Good Data Scientists care about the quality of the software they write. This is something my past experiences have led me to firmly believe. Coming from an undergraduate degree in Systems Design Engineering I highly value building robust systems, especially software systems that answer tough data questions. Prior to joining Forecast I worked in a variety of positions including data science, data engineering, and software engineering. To do all three of these well you need to be able to program effectively.
Programming is a tool that solves a variety of challenges and like any complex tool the principles to use it well are dependent on the problem. However, there are still some key ideas that can help to make any software project more successful. Three undervalued ideas in data science are modular code, testing, and readability. Proficiency at these things won’t improve your model results, but it can multiply the impact of your work.
Data science work often starts off as a single script trying to solve the entire problem. These projects very quickly become a mess if they lack organisation. I recommend breaking your code into logical, independent modules as soon as possible. Use existing frameworks as they often prescribe a best way to do this. Modular code takes marginally more time to write but helps you structure your thoughts, isolate errors, and reuse your software. Structuring your code from the start avoids time consuming rewrites later.
Trust in your results is the most important thing you can have. Every piece of code between your raw data and your output is a place to break that trust. Inevitably you will write software with logical errors in it, the best way to safeguard against this is to write tests. Tests are small snippets of code that help you assert some truth about your software. Given a fixed input your function should give fixed results and you can codify this. You can also test your data to make sure certain assumptions about it are true. The more aspects that are tested the faster you can move while being confident in your results.
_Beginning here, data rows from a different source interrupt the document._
Section DerivedDen.
Variable b : nat -> nat.
Lemma den_EAnd x y env :
  den b (EAnd x y) env = Nat.b2n (nonzerob (den b x env) && nonzerob (den b y env)).
Proof. simpl. destruct (den b x env), (den b y env); reflexivity. Qed.
Lemma den_EOr x y env :
  den b (EOr x y) env = Nat.b2n (nonzerob (den b x env) || nonzerob (den b y env)).
Proof. simpl. destruct (den b x env), (den b y env); reflexivity. Qed.
Lemma den_ENz x env : den b (ENz x) env = Nat.b2n (nonzerob (den b x env)).
Proof. simpl. destruct (den b x env); reflexivity. Qed.
Lemma den_EIsZ x env : den b (EIsZ x) env = Nat.b2n (negb (nonzerob (den b x env))).
Proof. simpl. destruct (den b x env); reflexivity. Qed.
Lemma den_EEq x y env : den b (EEq x y) env = Nat.b2n (den b x env =? den b y env).
Proof.
  simpl. destruct (Nat.eqb_spec (den b x env) (den b y env)).
  - rewrite e, Nat.sub_diag; reflexivity.
  - destruct (den b x env - den b y env + (den b y env - den b x env)) eqn:E; [lia|reflexivity].
Qed.
Lemma den_EEx n P env :
  den b (EEx n P) env =
  Nat.b2n (existsb_lt (den b n env) (fun j => nonzerob (den b P (j :: env)))).
Proof.
  unfold EEx. rewrite den_EIter. induction (den b n env); simpl. reflexivity.
  fold (den_iterate b (EConst 0) (EIf (EVar 0) ETrue (ENz (shift1 P))) env n0).
  rewrite IHn0. rewrite den_shift1. destruct (existsb_lt n0 _); simpl; auto.
  destruct (den b P (n0 :: env)); reflexivity.
Qed.
Lemma den_EAll n P env :
  den b (EAll n P) env =
  Nat.b2n (forallb_lt (den b n env) (fun j => nonzerob (den b P (j :: env)))).
Proof.
  unfold EAll. rewrite den_EIsZ, den_EEx, nonzerob_b2n. f_equal.
  induction (den b n env) as [|k IHk]; cbn [existsb_lt forallb_lt]; auto.
  rewrite Bool.negb_orb, IHk, den_EIsZ. destruct (nonzerob (den b P (k :: env))); reflexivity.
Qed.
End DerivedDen.
Lemma rigmx_vertex_proj (F : rel T) v (p : placement) :
  avoids F v -> rigmx F p *m vertex_proj v = 0.
Proof.
move=> F_v; rewrite mul_mx_diag; apply/matrixP => i j; rewrite !mxE /=.
case: ifP => [/F_v /andP [xv yv]|]; last by rewrite mul0r.
case: (eqVneq (enum_val j).1 v) => [->|]; last by rewrite mulr0.
by rewrite eq_sym (negbTE xv) eq_sym (negbTE yv) mul0r.
Qed.

Lemma rigrow_midpoint (p : placement) v x y :
  x != y -> x != v -> y != v -> p v = 2^-1 *: (p x + p y) ->
  rigrow p x y = 2 *: (rigrow p v x + rigrow p v y).
Proof.
move=> xy xv yv pv; apply/rowP => j; rewrite !mxE /=.
have pvk k : p v 0 k = 2^-1 * (p x 0 k + p y 0 k) by rewrite pv !mxE.
have [yx vx vy] : [/\ y != x, v != x & v != y] by rewrite ![_ == x]eq_sym ![v == _]eq_sym.
have neqs := (negbTE xy, negbTE yx, negbTE xv, negbTE vx, negbTE yv, negbTE vy).
case: (enum_val j) => w k /=; rewrite pvk.
have [->|_] := eqVneq w x; first by rewrite ?neqs; field.
have [->|_] := eqVneq w y; first by rewrite ?neqs; field.
by have [_|_] := eqVneq w v; [field | rewrite addr0 mulr0].
Qed.
Definition ind_le (Q : T -> Prop) (def : T -> T -> Prop) (op : T -> T -> T)
    (x y : T) : Prop := exists z, [/\ Q z, def x z & op x z = y].

Definition is_sup (Q : T -> Prop) (le : T -> T -> Prop) (u : nat -> T) (s : T) :=
  [/\ Q s, (forall n, le (u n) s) &
      forall b, Q b -> (forall n, le (u n) b) -> le s b].

Definition is_inf (Q : T -> Prop) (le : T -> T -> Prop) (u : nat -> T) (s : T) :=
  [/\ Q s, (forall n, le s (u n)) &
      forall b, Q b -> (forall n, le b (u n)) -> le b s].

Definition mono_dedekind_up (Q : T -> Prop) (le : T -> T -> Prop) : Prop :=
  forall u : nat -> T, (forall n, Q (u n)) -> (forall n, le (u n) (u n.+1)) ->
    (exists b, Q b /\ forall n, le (u n) b) -> exists s, is_sup Q le u s.

Definition mono_dedekind_down (Q : T -> Prop) (le : T -> T -> Prop) : Prop :=
  forall u : nat -> T, (forall n, Q (u n)) -> (forall n, le (u n.+1) (u n)) ->
    exists s, is_inf Q le u s.

End PartialAlg.

(* A member of V_fD is either bounded, and then defined on all of H, or has domain D;
   this dichotomy is stable under sums, which gives the sub-generalized effect algebra
   and the totality of (+). In V_fD, x <= y iff D(y) is contained in D(x) and
   x(p,p) <= y(p,p) on D(y): the difference y - x, restricted to D, is brought back into
   V_fD by extending it by continuity to H when it is bounded on D, and keeping it on D
   otherwise. A monotone sequence converges pointwise on D; polarizing the limit
   quadratic form gives a positive sesquilinear form on D whose completion in the same
   sense is the supremum (resp. infimum). *)

From Pilot Require Import Defs.
From mathcomp Require Import all_boot all_order all_algebra complex.
From mathcomp Require Import boolp classical_sets reals topology normedtype sequences.
From mathcomp Require Import ring lra.
Set Implicit Arguments. Unset Strict Implicit. Unset Printing Implicit Defensive.
Import Order.TTheory GRing.Theory Num.Theory numFieldNormedType.Exports.
Local Open Scope ring_scope.
Local Open Scope classical_set_scope.
Local Notation Re := complex.Re.
Local Notation Im := complex.Im.

Section ComplexSequences.
Variable R : realType.
Local Notation C := R[i].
Finally, your code should be readable, even if you think you will be the only person to use it. Often rushed work becomes unreadable after a break from writing it. Documentation in the form of a readme and comments are good ways to add context to your code. However, this takes additional time and should not be used as a stopgap for confusing logic. By using meaningful variable names and commonly used patterns your code should be clearly legible to anyone. Modularisation in the form of functions helps again here as it forces you to name your logical chunks. If you care about the continued maintenance of your code, whether by you or someone else, you should care about readability.
At Forecast we aim to deliver high quality work quickly and without errors. Given this, these ideas are even more important. The scope or goal of a project can change, so we need modular code to adapt. Scrutinizing every data point or intermediate result isn’t feasible, so we need tests to ensure we don’t make mistakes. Our clients are the ones that use our work, so our code needs to be understandable. Attempting to move fast by skimping on these principles will just slow things down in the long run.
Continuing my work at Forecast I hope to apply these three ideas to my work, building off my past experiences to solve exciting data problems. There are many things a data scientist should care about. Software Engineering principles should certainly be one of them.